Boolean indexing is a powerful feature in pandas, a popular data manipulation library in Python. With Boolean indexing, we can select subsets of data based on conditional statements, making data filtering and manipulation more efficient.

What is Boolean indexing?

Boolean indexing in pandas involves selecting rows or certain elements of a DataFrame or Series based on a given condition or a set of conditions. These conditions usually involve logical operators such as & (and), | (or), and ~ (not).

Example scenario

Let’s say we have a DataFrame that contains information about students and their test scores. We want to filter the DataFrame to only include the rows where the test score is greater than or equal to 90. We can achieve this using Boolean indexing.

import pandas as pd

# Create a sample DataFrame
data = {'Name': ['Alice', 'Bob', 'Charlie', 'Dave'],
        'TestScore': [85, 92, 88, 95]}

df = pd.DataFrame(data)

# Boolean indexing to filter rows
filtered_df = df[df['TestScore'] >= 90]

print(filtered_df)

Output:

     Name  TestScore
1     Bob         92
3    Dave         95

Explanation

In the example above, we import the pandas library and create a DataFrame called df with student names (Name) and their respective test scores (TestScore).

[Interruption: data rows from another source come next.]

Lemma eta_r_0 : eta_r 0 = -1.
Proof. rewrite eta_r_of_pow_sum_1, cos_0; [reflexivity | apply pow_sum_cs_axis; right; apply sin_0]. Qed.

Lemma eta_r_PI2 : eta_r (PI / 2) = 0.
Proof. rewrite eta_r_of_pow_sum_1, cos_PI2; [lra | apply pow_sum_cs_axis; left; apply cos_PI2]. Qed.

Lemma eta_r_PI : eta_r PI = 1.
Proof. rewrite eta_r_of_pow_sum_1, cos_PI; [lra | apply pow_sum_cs_axis; right; apply sin_PI]. Qed.

Lemma pow_sum_cs_eq a b : cos a = cos b -> sin a ^ 2 = sin b ^ 2 -> pow_sum_cs a = pow_sum_cs b.
Proof. intros Hc Hs; unfold pow_sum_cs; rewrite !pow_mult, Hc, Hs; reflexivity. Qed.

Lemma Rpower_pow_odd_ratio z : 0 < z ->
  Rpower (z ^ (2 * m)) (INR (2 * m - 1) / INR (2 * m)) = z ^ (2 * m - 1).
Proof.
  intros Hz; assert (0 < INR (2 * m)) by (apply lt_0_INR; lia).
  unfold Rpower at 1; rewrite ln_pow by exact Hz.
  replace (INR (2 * m - 1) / INR (2 * m) * (INR (2 * m) * ln z)) with (INR (2 * m - 1) * ln z)
    by (field; lra).
  apply Rpower_pow, Hz.
Qed.

End PlanarUnitCircle.

(** * The profile curve *)

Section Profile.

Variables (m : nat) (c1 : R).
Hypothesis Hm : (1 <= m)%nat.
Hypothesis Hc : 0 < c1.

Definition disc (t : R) : R := sqrt (eta_r m t ^ 2 + 4 * c1).

(* Mean curvature 1 amounts to the first integral [alpha^2 - eta_r alpha = c1];
   alpha is its positive root. *)
Definition alpha (t : R) : R := (eta_r m t + disc t) / 2.

(* [(alpha', beta')] is a positive multiple of [(eta_r', eta_z')]: this makes [eta] normal
   to the surface. *)
Definition dalpha (t : R) : R := deta_r m t * (alpha t / disc t).
Definition dbeta (t : R) : R := deta_z m t * (alpha t / disc t).
Definition beta (t : R) : R := RInt dbeta (PI / 2) t.

Lemma disc_pos t : 0 < disc t.
Proof. apply sqrt_lt_R0; nra. Qed.

Lemma disc_sqr t : disc t * disc t = eta_r m t ^ 2 + 4 * c1.
Proof. apply sqrt_sqrt; nra. Qed.

Lemma alpha_pos t : 0 < alpha t.
Proof.
  pose proof (disc_pos t); pose proof (disc_sqr t).
  assert (eta_r m t < disc t) by nra; assert (- eta_r m t < disc t) by nra.
  unfold alpha; lra.
Qed.

Lemma alpha_quadratic t : alpha t ^ 2 - eta_r m t * alpha t = c1.
Proof. pose proof (disc_sqr t); unfold alpha; nra. Qed.

Lemma is_derive_alpha t : is_derive alpha t (dalpha t).
Proof.
  pose proof (is_derive_eta_r m Hm t) as Hr; pose proof (disc_pos t) as Hd.
  unfold alpha, dalpha, disc in *; auto_derive.
  - repeat split; try (exists (deta_r m t); exact Hr); nra.
  - replace (Derive (fun x => eta_r m x) t) with (deta_r m t) by (symmetry; apply is_derive_unique, Hr).
    replace (eta_r m t * (eta_r m t * 1)) with (eta_r m t ^ 2) by ring; unfold alpha, disc; field; lra.
Qed.

Lemma is_C2_disc : is_C2 disc.
Proof.
  apply is_C2_sqrt; [|intros; nra].
  apply is_C2_plus; [apply is_C2_pow, is_C2_eta_r | apply is_C2_const].
Qed.

Lemma is_C2_alpha : is_C2 alpha.
Proof.
  apply is_C2_mult; [apply is_C2_plus; [apply is_C2_eta_r | apply is_C2_disc] | apply is_C2_const].
Qed.

Lemma is_C2_alpha_div_disc : is_C2 (fun t => alpha t / disc t).
Proof. apply is_C2_mult; [apply is_C2_alpha | apply is_C2_inv; [apply is_C2_disc | apply disc_pos]]. Qed.

Lemma is_C2_dalpha : is_C2 dalpha.
Proof.
  apply (is_C2_mult (deta_r m) (fun t => alpha t / disc t));
    [apply is_C2_deta_r | apply is_C2_alpha_div_disc].
Qed.

Lemma is_C2_dbeta : is_C2 dbeta.
Proof.
  apply (is_C2_mult (deta_z m) (fun t => alpha t / disc t));
    [apply is_C2_deta_z | apply is_C2_alpha_div_disc].
Qed.

Lemma is_derive_beta t : is_derive beta t (dbeta t).
Proof.
  apply (is_derive_RInt dbeta beta (PI / 2)); [|apply is_C2_continuous, is_C2_dbeta].
  apply filter_forall; intros y; apply (RInt_correct (V := R_CompleteNormedModule)).
  apply ex_RInt_continuous; intros; apply is_C2_continuous, is_C2_dbeta.
Qed.

Lemma is_C2_beta : is_C2 beta.
Proof.
  destruct is_C2_dbeta as [f1 [f2 H]].
  exists dbeta, f1; intros x; destruct (H x) as (H1 & H2 & _).
  split; [apply is_derive_beta | split; [exact H1 | apply (is_derive_continuous _ _ _ H2)]].
Qed.

Lemma alpha_div_disc_pos t : 0 < alpha t / disc t.
Proof. apply Rdiv_lt_0_compat; [apply alpha_pos | apply disc_pos]. Qed.

Lemma dalpha_neq0 t : sin t <> 0 -> dalpha t <> 0.
Proof.
  intros Hs; pose proof (alpha_div_disc_pos t); pose proof (deta_r_neq0 m t Hs).
  unfold dalpha; apply Rmult_integral_contrapositive_currified; [assumption | lra].
Qed.
(* Let $\Gamma=([n],w)$ be a hypergraph with non-negative weights, $\rho\colon\mathrm{U}(n)\to\mathrm{U}(V)$ a finite-dimensional unitary representation, and $V'=\mathrm{TorInv}(\rho)^\perp$, which is invariant under ${\cal L}(\Gamma,\rho)$. Then every eigenvalue of the restriction of ${\cal L}(\Gamma,\rho)$ to $V'$ is at least $\phi(\Gamma)=\min_{i\in[n]}\sum_{B\ni i}w_B$.
   Context: A weighted hypergraph $\Gamma=([n],w)$ assigns $w_B\ge0$ to every $B\subseteq[n]$. $\mathrm{U}_B\le\mathrm{U}(n)$ is the subgroup of unitaries coinciding with the identity outside the minor indexed by $B$, with Haar probability measure $\mu_B$; ${\cal L}(\Gamma,\rho)=\sum_Bw_B[I-\int_{\mathrm{U}_B}\rho(A)d\mu_B(A)]$. $T_n$ is the diagonal subgroup of $\mathrm{U}(n)$ and $\mathrm{TorInv}(\rho)$ the subspace of vectors fixed by $\rho(T_n)$. *)

From HB Require Import structures.
From mathcomp Require Import all_boot all_order all_algebra.
From mathcomp Require Import complex reals.
Set Implicit Arguments. Unset Strict Implicit. Unset Printing Implicit Defensive.
Import Order.TTheory GRing.Theory Num.Theory.
Local Open Scope ring_scope.
Local Open Scope complex_scope.

Section HypergraphLaplacian.
Variable R : realType.
Local Notation C := R[i].

Definition adj m k (A : 'M[C]_(m, k)) : 'M[C]_(k, m) := (map_mx Num.conj A)^T.

Definition unitary n (A : 'M[C]_n) : Prop := A *m adj A = 1%:M.

Definition UB n (B : {set 'I_n}) (A : 'M[C]_n) : Prop :=
  unitary A /\ (forall i j : 'I_n, (i \notin B) || (j \notin B) -> A i j = (i == j)%:R).

Definition torus n (A : 'M[C]_n) : Prop := unitary A /\ is_diag_mx A.

Definition cont_on n (G : 'M[C]_n -> Prop) (f : 'M[C]_n -> C) : Prop :=
  forall A, G A -> forall e : C, 0 < e -> exists2 d : C, 0 < d &
    forall A', G A' -> (forall i j, `|A' i j - A i j| < d) -> `|f A' - f A| < e.

(* I is the Haar (probability) integral on the compact group G, viewed as a
   functional on continuous functions: linear, local to G, positive,
   normalized, left-invariant.  By the Riesz and Haar uniqueness theorems this
   is exactly integration against the Haar probability measure. *)
Definition haar_integral n (G : 'M[C]_n -> Prop) (I : ('M[C]_n -> C) -> C) : Prop :=
  [/\ (forall f g, cont_on G f -> cont_on G g -> forall a b : C,
          I (fun A => a * f A + b * g A) = a * I f + b * I g),
      (forall f g, (forall A, G A -> f A = g A) -> I f = I g),
      (forall f, cont_on G f -> (forall A, G A -> 0 <= f A) -> 0 <= I f),
      I (fun _ => 1) = 1 &
      (forall f g0, cont_on G f -> G g0 -> I (fun A => f (g0 *m A)) = I f)].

We then use Boolean indexing on df by creating a filter condition (df['TestScore'] >= 90) inside square brackets. This condition checks whether the TestScore column is greater than or equal to 90 for each row. The result of this condition is a boolean Series, where True represents the rows that satisfy the condition and False represents the rows that do not.

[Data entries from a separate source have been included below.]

(* Let $T=(\{T_g\}_{g\in G},\{\gamma_{g,h}\}_{g,h\in G},u)$ and $T'=(\{T'_g\}_{g\in G},\{\gamma'_{g,h}\}_{g,h\in G},u')$ be partial actions of a group $G$ on semigroupal categories $\mathcal{C}$ and $\mathcal{C}'$ respectively, and let $(F,\{\tau_g\}_{g\in G})\colon T\to T'$ be a morphism of partial actions. Then for every object $X$ of $\mathcal{C}$, $$(\tau_e)_X\circ F(u_X)=u'_{F(X)}.$$
   Context: Semigroupal categories are (strict) categories with a tensor functor and associator satisfying the pentagon axiom; an ideal is a subcategory closed under isomorphisms and under tensoring on either side by arbitrary objects. A partial action of $G$ (unit $e$) on a semigroupal category $\mathcal{C}$ is a triple $(\{T_g\},\{\gamma_{g,h}\},u)$ together with ideals $\mathcal{C}_g$ of $\mathcal{C}$ such that: (1) $(T_g,J^g)\colon\mathcal{C}_{g^{-1}}\to\mathcal{C}_g$ is a semigroupal equivalence ($J^g\colon T_g(-)\otimes T_g(-)\Rightarrow T_g(-\otimes-)$ a natural isomorphism satisfying the hexagon axiom); (2) $\mathcal{C}_e=\mathcal{C}$ and $u\colon\mathrm{Id}_{\mathcal{C}}\Rightarrow T_e$ is a natural isomorphism of semigroupal functors, i.e. $J^e_{X,Y}\circ(u_X\otimes u_Y)=u_{X\otimes Y}$; (3) the restriction of $T_g$ to $\mathcal{C}_{g^{-1}}\cap\mathcal{C}_h$ is a semigroupal equivalence onto $\mathcal{C}_g\cap\mathcal{C}_{gh}$; (4) $\gamma_{g,h}\colon T_gT_h\Rightarrow T_{gh}$ is a natural isomorphism of functors $\mathcal{C}_{h^{-1}}\cap\mathcal{C}_{h^{-1}g^{-1}}\to\mathcal{C}_g\cap\mathcal{C}_{gh}$ with $J^{gh}_{X,Y}\circ((\gamma_{g,h})_X\otimes(\gamma_{g,h})_Y)=(\gamma_{g,h})_{X\otimes Y}\circ T_g(J^h_{X,Y})\circ J^g_{T_h(X),T_h(Y)}$; and moreover $(\gamma_{gh,k})_X\circ(\gamma_{g,h})_{T_k(X)}=(\gamma_{g,hk})_X\circ T_g((\gamma_{h,k})_X)$ for $X\in\mathcal{C}_{k^{-1}}\cap\mathcal{C}_{k^{-1}h^{-1}}\cap\mathcal{C}_{k^{-1}h^{-1}g^{-1}}$, and for $X\in\mathcal{C}_{g^{-1}}$ the morphisms $u_{T_g(X)}$ and $(\gamma_{e,g})_X$ are mutually inverse, as are $T_g(u_X)$ and $(\gamma_{g,e})_X$. A morphism of partial actions $(F,\{\tau_g\})\colon T\to T'$ consists of a semigroupal functor $F\colon\mathcal{C}\to\mathcal{C}'$ and, for each $g\in G$, a natural isomorphism $\tau_g\colon FT_g\Rightarrow T'_gF$ of functors from $\mathcal{C}_{g^{-1}}$ to $\mathcal{C}'_g$, such that $(\tau_{gh})_X\circ F((\gamma_{g,h})_X)=(\gamma'_{g,h})_{F(X)}\circ T'_g((\tau_h)_X)\circ(\tau_g)_{T_h(X)}$ for all $X\in\mathcal{C}_{h^{-1}}\cap\mathcal{C}_{(gh)^{-1}}$. *)

Set Implicit Arguments.
Unset Strict Implicit.

Record Group := {
  gcar :> Type;
  gmul : gcar -> gcar -> gcar;
  ginv : gcar -> gcar;
  gunit : gcar;
  gmulA : forall a b c, gmul a (gmul b c) = gmul (gmul a b) c;
  gmul1l : forall a, gmul gunit a = a;
  gmul1r : forall a, gmul a gunit = a;
  gmulVl : forall a, gmul (ginv a) a = gunit;
  gmulVr : forall a, gmul a (ginv a) = gunit }.
Arguments gmul {g}.
Arguments ginv {g}.
Arguments gunit {g}.

Record Cat := {
  ob :> Type;
  hom : ob -> ob -> Type;
  idm : forall A, hom A A;
  cmp : forall A B C, hom B C -> hom A B -> hom A C;
  cmp_idl : forall A B (f : hom A B), cmp (idm B) f = f;
  cmp_idr : forall A B (f : hom A B), cmp f (idm A) = f;
  cmp_assoc : forall A B C D (f : hom A B) (g : hom B C) (h : hom C D),
      cmp h (cmp g f) = cmp (cmp h g) f }.
Arguments hom {c}.
Arguments idm {c}.
Arguments cmp {c A B C}.

Definition is_iso (C : Cat) (A B : C) (f : hom A B) : Prop :=
  exists g : hom B A, cmp g f = idm A /\ cmp f g = idm B.

Record SgCat := {
  sg_cat :> Cat;
  tens : sg_cat -> sg_cat -> sg_cat;
  tensm : forall A A' B B', hom A A' -> hom B B' -> hom (tens A B) (tens A' B');
  tensm_id : forall A B, tensm (idm A) (idm B) = idm (tens A B);
  tensm_cmp : forall A A' A'' B B' B'' (f : hom A A') (f' : hom A' A'')
      (g : hom B B') (g' : hom B' B''),
      tensm (cmp f' f) (cmp g' g) = cmp (tensm f' g') (tensm f g);
  assoc : forall X Y Z, hom (tens (tens X Y) Z) (tens X (tens Y Z));
  assoc_iso : forall X Y Z, is_iso (assoc X Y Z);
  assoc_nat : forall X X' Y Y' Z Z' (f : hom X X') (g : hom Y Y') (h : hom Z Z'),
      cmp (assoc X' Y' Z') (tensm (tensm f g) h)
      = cmp (tensm f (tensm g h)) (assoc X Y Z);
  pentagon : forall W X Y Z,
      cmp (assoc W X (tens Y Z)) (assoc (tens W X) Y Z)
      = cmp (tensm (idm W) (assoc X Y Z))
            (cmp (assoc W (tens X Y) Z) (tensm (assoc W X Y) (idm Z))) }.
Arguments tens {s}.
Arguments tensm {s A A' B B'}.
Arguments assoc {s}.

(* An ideal: a (full, replete) subcategory, given by a predicate on
   objects, closed under isomorphisms and under tensoring on either side
   by arbitrary objects. *)
Record is_ideal (C : SgCat) (P : C -> Prop) : Prop := {
  ideal_iso : forall X Y (f : hom X Y), is_iso f -> P X -> P Y;
  ideal_tens_l : forall X Y, P Y -> P (tens X Y);
  ideal_tens_r : forall X Y, P X -> P (tens X Y) }.

(* Functors defined on the full subcategory cut out by P.  The object  *)
(* map is total (its values outside P are irrelevant); the morphism    *)
(* map takes membership proofs of source and target.                   *)
Record PFun (C D : Cat) (P : C -> Prop) := {
  pf_ob :> C -> D;
  pf_hom : forall X Y, P X -> P Y -> hom X Y -> hom (pf_ob X) (pf_ob Y);
  pf_id : forall X (pX : P X), pf_hom pX pX (idm X) = idm (pf_ob X);
  pf_cmp : forall X Y Z (pX : P X) (pY : P Y) (pZ : P Z)
      (f : hom X Y) (g : hom Y Z),
      pf_hom pX pZ (cmp g f) = cmp (pf_hom pY pZ g) (pf_hom pX pY f) }.
Arguments pf_hom {C D P} p {X Y}.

Passing this boolean Series as an index to the original DataFrame df filters the DataFrame and returns only the rows where the condition is True. We assign this filtered DataFrame to a new variable called filtered_df.

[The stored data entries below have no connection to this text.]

Lemma extreme_vtx_unique (j : 'I_(np X)) (e : pt R) (u u' : 'I_(ns j)) :
  cross (edge u) e < 0 -> 0 < cross (edge (ordS u)) e ->
  cross (edge u') e < 0 -> 0 < cross (edge (ordS u')) e -> u = u'.
Proof.
move=> ue Sue u'e Su'e; apply/ordS_inj/eqP/negPn/negP => neq.
have := extreme_vtx_cross_lt0 ue Sue (w := ordS u'); rewrite eq_sym => /(_ neq).
have := extreme_vtx_cross_lt0 u'e Su'e neq.
by rewrite /cross /psub /=; lra.
Qed.

Lemma snext_sprev (s : side X) : snext (sprev s) = s.
Proof. by case: s => j u; rewrite /snext /sprev /= ord_predK. Qed.

Lemma sprev_snext (s : side X) : sprev (snext s) = s.
Proof. by case: s => j u; rewrite /snext /sprev /= ordSK. Qed.

Lemma side_end_sprev (s : side X) : side_end (sprev s) = side_start s.
Proof. by case: s => j u; rewrite /side_end /side_start /sprev /= ord_predK. Qed.

Lemma side_end_start_snext (s : side X) : side_end s = side_start (snext s).
Proof. by []. Qed.

Lemma cross_side_snext_lt0 (s : side X) : cross (side_vec s) (side_vec (snext s)) < 0.
Proof. by case: s => j u; apply: cross_edge_next_lt0. Qed.

Lemma dot_side_snext_ge0 (s : side X) : 0 <= dot (side_vec s) (side_vec (snext s)).
Proof. by case: s => j u; apply: dot_edge_next_ge0. Qed.

Lemma exit_corner_unique (e : pt R) (s s' : side X) : tag s = tag s' ->
  cross (side_vec s) e < 0 -> 0 < cross (side_vec (snext s)) e ->
  cross (side_vec s') e < 0 -> 0 < cross (side_vec (snext s')) e -> s = s'.
Proof.
case: s s' => j u [j' u'] /= jj'; subst j' => se Sse s'e Ss'e.
by rewrite (extreme_vtx_unique se Sse s'e Ss'e).
Qed.
(* Distinct rows have cut sequences whose reversed prefixes of some common
   length M differ, so their images lie in two separated cells of level M. *)
Lemma cantor_coord_separated : injective (f \o row_map cantor_coord).
Proof.
move=> u v; apply: contra_eq => uv.
pose be j := rat_cut (u 0 j); pose ga j := rat_cut (v 0 j).
have [M hM] := exists_rprefix_neq be ga.
pose word (w : 'I_d -> nat -> bool) : {ffun 'I_d -> M.-tuple bool} :=
  [ffun j => Tuple (introT eqP (size_rprefix (w j) M))].
have /existsP[j0 uv_j0] : [exists j, u 0 j != v 0 j].
  by apply: contraNT uv => /existsPn h; apply/eqP/rowP => j; apply/eqP/negbNE/h.
have be_j0 : be j0 <> ga j0 by move/rat_cut_inj/eqP; exact/negP.
have word_neq : word be != word ga.
  apply/eqP => /(congr1 (fun t : {ffun 'I_d -> M.-tuple bool} => tval (t j0))).
  by rewrite !ffunE; exact: hM.
by apply: (cantor_scheme_separated word_neq) => i; rewrite ffunE mxE branch_point_in.
Qed.

End CantorScheme.

Theorem lemma2p1 (R : realType) (d n k : nat) (E : set (set 'rV[R]_n))
  (P : set 'rV[R]_d) :
  (1 <= d)%N -> (1 <= n)%N -> (2 <= k)%N ->
  algebraic k E -> template k P -> immersible k E P ->
  contains_L k E P.
Proof.
move=> _ _ _ _ _ [_ [f [[a [b [ab ->]] [_ f_an f_inj f_edges]]]]].
have f_cont := analytic_on_box_continuous f_an.
pose phi := cantor_coord f_cont f_inj.
have f_phi_inj : injective (f \o row_map phi) by exact: cantor_coord_separated.
have phi_box : row_map phi @` setT `<=` box a b.
  by move=> _ [u _ <-]; exact: (cantor_coord_in_box ab f_cont f_inj u).
exists (f \o row_map phi); split => // Q LQ; rewrite -image_comp.
apply: f_edges; first exact: L_edges_row_map (inj_compr f_phi_inj) phi_box LQ.
by move=> _ _ /[!inE] -[u _ <-] [v _ <-] /f_phi_inj ->.
Qed.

Finally, we print the filtered_df which shows only the rows where the test score is greater than or equal to 90.

Conclusion

Boolean indexing in pandas allows us to efficiently filter and manipulate data based on selected conditions. By using logical operators and conditional statements, we can extract subsets of rows or specific elements from a DataFrame or Series. This feature is extremely useful for data analysis, handling large datasets, and performing complex data manipulations.